Horizontally scaled read-only endpoint

Both Ontoserver and Ontocloak can be horizontally scaled using a cluster of instances that support a single, logical endpoint.

This is typically done to:

Scale up and down instances based on load to provide high performance;
Provide high availability.

Both Ontoserver and Ontocloak require that the instances supporting the endpoint sit behind a load balancer which routes and balances incoming requests across the available instances.

Atomio, given its usage pattern and availability requirements, does not provide this capability.

Ontoserver

Ontoserver supports the operation of multiple instances in support of a single endpoint for horizontal scaling and/or high availability.

There are a number of requirements when creating a cluster of Ontoserver instances, described in following sections. The basic deployment strategy is to use multiple Ontoserver worker instances using the same data and software version (to ensure all instances respond equally to requests) with a load balancer in front of the instances to route requests.

Multiple Ontoserver instances behind a load balancer

Multiple instances of Ontoserver can be used to support a read-only endpoint to support high/variable performance demands, and/or to ensure high availability. Read-only endpoints can be integrated with applications to support run-time use, and to service time-critical and operationally-critical requests.

While booting an Ontoserver container after loss (for example the loss of the Docker node hosting it) can be automated, and the couple of minutes this takes is very often more than tolerable, this may be too slow for some extreme settings. Similarly, simply provisioning appropriate CPU and memory resources to a single Ontoserver instance is very often sufficient to meet performance requirements. However there may be some extreme cases where exceptionally high or variable loads with critical response times cannot be resolved by simply increasing CPU and memory resources to a single Ontoserver instance.

If one (or both) of these is truly required, the cost and complexity of a multiple Ontoserver instance cluster supporting the endpoint may be justified – particularly where tight SLAs are in place.

Shared versus separate disk storage and database

When operating multiple instances of Ontoserver to support an endpoint, decisions must be made about how the storage and database infrastructure will be provisioned to support these instances. Specifically, a decision will need to be made regarding whether each instance will have its own separate private resources, or whether the resources will be shared between the instances.

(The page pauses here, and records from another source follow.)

Lemma hyperbolic_comparison_solution a : -1 < a < 1 ->
  comparison_solution (fun t => 2 / (1 - t ^ 2) ^ 2) a
    (fun t => sqrt (1 - a ^ 2) * sqrt (1 - t ^ 2) * (artanh t - artanh a))
    (fun t => sqrt (1 - a ^ 2) * (1 - t * (artanh t - artanh a)) / sqrt (1 - t ^ 2))
    (fun t => - (2 / (1 - t ^ 2) ^ 2 / 2) *
              (sqrt (1 - a ^ 2) * sqrt (1 - t ^ 2) * (artanh t - artanh a))).
Proof.
  intros Ha. split.
  - intros t Ht. assert (Hp : 0 < 1 - t ^ 2) by nra.
    assert (Hs := sqrt_lt_R0 _ Hp). assert (Hss := sqrt_sqrt _ (Rlt_le _ _ Hp)).
    assert (Hart : dpl (fun t => artanh t - artanh a) t (1 / (1 - t ^ 2) - 0))
      by (apply dpl_minus; [now apply artanh_derive | apply dpl_const]).
    split; eapply dpl_eq.
    + apply dpl_mult; [apply dpl_scal, sqrt_one_minus_sq_derive; auto | exact Hart].
    + cbv beta. set (s := sqrt (1 - t ^ 2)) in *. clearbody s. rewrite <- Hss. field. lra.
    + apply dpl_div; [| apply sqrt_one_minus_sq_derive; auto | lra].
      apply dpl_scal, dpl_minus; [apply dpl_const | apply dpl_mult; [apply dpl_id | exact Hart]].
    + cbv beta. set (s := sqrt (1 - t ^ 2)) in *. clearbody s.
      replace (1 - t ^ 2) with (s * s). field_simplify_eq; [|lra].
      replace (s ^ 2) with (1 - t ^ 2) by (rewrite <- Hss; ring). ring.
  - reflexivity.
  - cbv beta. ring.
  - cbv beta. rewrite Rminus_diag. assert (0 < sqrt (1 - a ^ 2)) by (apply sqrt_lt_R0; nra).
    field; lra.
  - intros t Ht. pose proof (artanh_increasing a t ltac:(lra) ltac:(lra) ltac:(lra)).
    apply Rmult_lt_0_compat; [apply Rmult_lt_0_compat; apply sqrt_lt_R0; nra | lra].
Qed.

(** * Inner products on R^n *)

Lemma dotn_sym n f g : dotn n f g = dotn n g f.
Proof. unfold dotn. induction n; simpl; [ring | rewrite IHn; ring]. Qed.

Lemma dotn_nonneg n f : 0 <= dotn n f f.
Proof. unfold dotn. induction n; simpl; nra. Qed.

Lemma dotn_subv_diag n p f : dotn n (subv p p) f = 0.
Proof. unfold dotn, subv. induction n; simpl; [ring | rewrite IHn; ring]. Qed.

Lemma dotn_0r n f : dotn n f (fun _ => 0) = 0.
Proof. unfold dotn. induction n; simpl; [ring | rewrite IHn; ring]. Qed.

Lemma dotn_lincomb3 n c1 c2 c3 f g h :
  dotn n (fun i => c1 * f i + c2 * g i + c3 * h i) (fun i => c1 * f i + c2 * g i + c3 * h i) =
  c1 ^ 2 * dotn n f f + c2 ^ 2 * dotn n g g + c3 ^ 2 * dotn n h h
  + 2 * c1 * c2 * dotn n f g + 2 * c1 * c3 * dotn n f h + 2 * c2 * c3 * dotn n g h.
Proof. unfold dotn. induction n; simpl; [ring | rewrite IHn; ring]. Qed.

Lemma dotn_cauchy_schwarz n f g : dotn n f g ^ 2 <= dotn n f f * dotn n g g.
Proof.
  apply discriminant_nonpos; [apply dotn_nonneg|]. intro t.
  pose proof (dotn_nonneg n (fun i => t * f i + 1 * g i + 0 * g i)) as H.
  rewrite dotn_lincomb3 in H. lra.
Qed.

Lemma abs_dotn_le n f g : Rabs (dotn n f g) <= sqrt (dotn n f f) * sqrt (dotn n g g).
Proof.
  rewrite <- sqrt_mult by apply dotn_nonneg. rewrite <- sqrt_Rsqr_abs.
  apply sqrt_le_1_alt. unfold Rsqr. rewrite <- Rmult_1_r at 1.
  pose proof (dotn_cauchy_schwarz n f g). simpl in H. lra.
Qed.

Lemma dotn_derive n f g f' g' x :
  (forall i, (i < n)%nat -> dpl (fun t => f t i) x (f' i) /\ dpl (fun t => g t i) x (g' i)) ->
  dpl (fun t => dotn n (f t) (g t)) x (dotn n f' (g x) + dotn n (f x) g').
Proof.
  unfold dotn. induction n; intros H; simpl.
  - eapply dpl_eq; [apply dpl_const | ring].
  - destruct (H n) as [Hf Hg]; [lia|]. eapply dpl_eq.
    + apply dpl_plus; [apply IHn; intros i Hi; apply H; lia|].
      exact (dpl_mult (fun t => f t n) (fun t => g t n) _ _ _ Hf Hg).
    + cbv beta; ring.
Qed.

Lemma normn_sq n f : normn n f ^ 2 = dotn n f f.
Proof. unfold normn. simpl. rewrite Rmult_1_r. apply sqrt_sqrt, dotn_nonneg. Qed.

Lemma normn_subv_sym n p q : normn n (subv p q) = normn n (subv q p).
Proof. unfold normn, dotn, subv. f_equal. induction n; simpl; [ring | rewrite IHn; ring]. Qed.

Lemma normn_subv_diag n p : normn n (subv p p) = 0.
Proof. unfold normn. rewrite dotn_subv_diag. apply sqrt_0. Qed.

(** * The normalized chord length of a curve *)

Section Chord.

Variables (n : nat) (phi d1 d2 d3 : R -> nat -> R).
Hypothesis curve : C3_curve n phi d1 d2 d3.
Hypothesis speed_pos : forall t, -1 < t < 1 -> 0 < dotn n (d1 t) (d1 t).

(* [K t = |phi'(t)|^(-1/2)] *)
Definition K t := exp (- (1 / 4) * ln (dotn n (d1 t) (d1 t))).

Lemma K_pos t : 0 < K t.
Proof. apply exp_pos. Qed.

Lemma K_sqr_speed t : -1 < t < 1 -> K t * K t * sqrt (dotn n (d1 t) (d1 t)) = 1.
Proof.
  intros Ht. assert (He := speed_pos t Ht).
  assert (H4 : (K t * K t) ^ 2 * dotn n (d1 t) (d1 t) = 1).
  { unfold K. rewrite <- exp_plus. rewrite <- (exp_ln (dotn n (d1 t) (d1 t))) at 3 by lra.
    simpl. rewrite Rmult_1_r, <- !exp_plus. transitivity (exp 0); [f_equal; field | apply exp_0]. }
  assert (Hs := sqrt_lt_R0 _ He). assert (Hss := sqrt_sqrt _ (Rlt_le _ _ He)).
  assert (HK := K_pos t).
  assert (Hsq : (K t * K t * sqrt (dotn n (d1 t) (d1 t))) ^ 2 = 1)
    by (rewrite <- H4; transitivity ((K t * K t) ^ 2 * (sqrt (dotn n (d1 t) (d1 t)) *
          sqrt (dotn n (d1 t) (d1 t)))); [ring | now rewrite Hss]).
  assert (0 < K t * K t * sqrt (dotn n (d1 t) (d1 t))) by (apply Rmult_lt_0_compat; nra).
  nra.
Qed.

Lemma speed_derive t : -1 < t < 1 ->
  dpl (fun s => dotn n (d1 s) (d1 s)) t (2 * dotn n (d1 t) (d2 t)).
Proof.
  intros Ht. eapply dpl_eq.
  - apply (dotn_derive n d1 d1 (d2 t) (d2 t)). intros i Hi.
    destruct (curve t Ht i Hi) as [_ [H2 _]]. now split.
  - rewrite (dotn_sym n (d2 t)). ring.
Qed.

Lemma d1_d2_derive t : -1 < t < 1 ->
  dpl (fun s => dotn n (d1 s) (d2 s)) t (dotn n (d2 t) (d2 t) + dotn n (d1 t) (d3 t)).
Proof.
  intros Ht. apply (dotn_derive n d1 d2 (d2 t) (d3 t)). intros i Hi.
  destruct (curve t Ht i Hi) as [_ [H2 [H3 _]]]. now split.
Qed.

Lemma K_derive t : -1 < t < 1 ->
  dpl K t (K t * (- dotn n (d1 t) (d2 t) / (2 * dotn n (d1 t) (d1 t)))).
Proof.
  intros Ht. assert (He := speed_pos t Ht). unfold K. eapply dpl_eq.
  - apply (dpl_comp (fun t => - (1 / 4) * ln (dotn n (d1 t) (d1 t))) exp).
    + apply dpl_scal, (dpl_comp _ ln); [now apply speed_derive | now apply derivable_pt_lim_ln].
    + apply derivable_pt_lim_exp.
  - field. lra.
Qed.

Variable a : R.

Definition chord t := subv (phi t) (phi a).
Definition chord2 t := dotn n (chord t) (chord t).
Definition y t := sqrt (chord2 t) * K t.
(* the logarithmic derivative of [y] *)
Definition L t :=
  dotn n (chord t) (d1 t) / chord2 t - dotn n (d1 t) (d2 t) / (2 * dotn n (d1 t) (d1 t)).
Definition L' t :=
  ((dotn n (d1 t) (d1 t) + dotn n (chord t) (d2 t)) * chord2 t
     - 2 * dotn n (chord t) (d1 t) ^ 2) / chord2 t ^ 2
  - ((dotn n (d2 t) (d2 t) + dotn n (d1 t) (d3 t)) * dotn n (d1 t) (d1 t)
     - 2 * dotn n (d1 t) (d2 t) ^ 2) / (2 * dotn n (d1 t) (d1 t) ^ 2).

Lemma chord_derive t i : -1 < t < 1 -> (i < n)%nat -> dpl (fun s => chord s i) t (d1 t i).
Proof.
  intros Ht Hi. destruct (curve t Ht i Hi) as [H1 _]. unfold chord, subv.
  eapply dpl_eq; [apply dpl_minus; [exact H1 | apply dpl_const] | ring].
Qed.

Lemma chord2_derive t : -1 < t < 1 -> dpl chord2 t (2 * dotn n (chord t) (d1 t)).
Proof.
  intros Ht. eapply dpl_eq.
  - apply (dotn_derive n chord chord (d1 t) (d1 t)). intros i Hi. split; now apply chord_derive.
  - rewrite dotn_sym. ring.
Qed.

Lemma chord_d1_derive t : -1 < t < 1 ->
  dpl (fun s => dotn n (chord s) (d1 s)) t (dotn n (d1 t) (d1 t) + dotn n (chord t) (d2 t)).
Proof.
  intros Ht. apply (dotn_derive n chord d1 (d1 t) (d2 t)). intros i Hi.
  split; [now apply chord_derive|].
  now destruct (curve t Ht i Hi) as [_ [H2 _]].
Qed.

Lemma y_nonneg t : 0 <= y t.
Proof. apply Rmult_le_pos; [apply sqrt_pos | apply Rlt_le, K_pos]. Qed.

Lemma y_continuity_pt t : -1 < t < 1 -> continuity_pt y t.
Proof.
  intros Ht. apply continuity_pt_mult'; [|eapply dpl_continuity_pt, K_derive; auto].
  apply (continuity_pt_comp' chord2 sqrt); [eapply dpl_continuity_pt, chord2_derive; auto|].
  apply continuity_pt_sqrt, dotn_nonneg.
Qed.

Lemma y_derive t : -1 < t < 1 -> 0 < chord2 t -> dpl y t (y t * L t).
Proof.
  intros Ht Hw. assert (He := speed_pos t Ht). unfold y, L. eapply dpl_eq.
  - apply dpl_mult; [|now apply K_derive].
    apply (dpl_comp chord2 sqrt); [now apply chord2_derive | now apply derivable_pt_lim_sqrt].
  - assert (Hs := sqrt_lt_R0 _ Hw). assert (Hss := sqrt_sqrt _ (Rlt_le _ _ Hw)).
    set (s := sqrt (chord2 t)) in *. clearbody s. rewrite <- Hss. field. lra.
Qed.

Lemma L_derive t : -1 < t < 1 -> 0 < chord2 t -> dpl L t (L' t).
Proof.
  intros Ht Hw. assert (He := speed_pos t Ht). unfold L, L'. eapply dpl_eq.
  - apply dpl_minus; (apply dpl_div; [| |lra]).
    + now apply chord_d1_derive.
    + now apply chord2_derive.
    + now apply d1_d2_derive.
    + now apply dpl_scal, speed_derive.
  - cbv beta. field. lra.
Qed.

The table below specifies the supported and unsupported operating modes for an Ontoserver scaled instance (multiple instances supporting an endpoint) with regard to shared/separate disk and database.

Database	Disk	Status
Shared	Separate	Supported (best)
Separate	Separate	Supported (legacy)
Shared	Shared	Not Supported (deprecated)
Separate	Shared	Not supported

Note: While a read-only endpoint may use separate disk and databases for each instances, this has implications for where the conceptual source-of-truth for the terminology service’s state lives. In the case of non-shared disk/database, the preload feed is the source of truth. In the (deprecated) case of shared disk/database, the database itself would be the source of truth.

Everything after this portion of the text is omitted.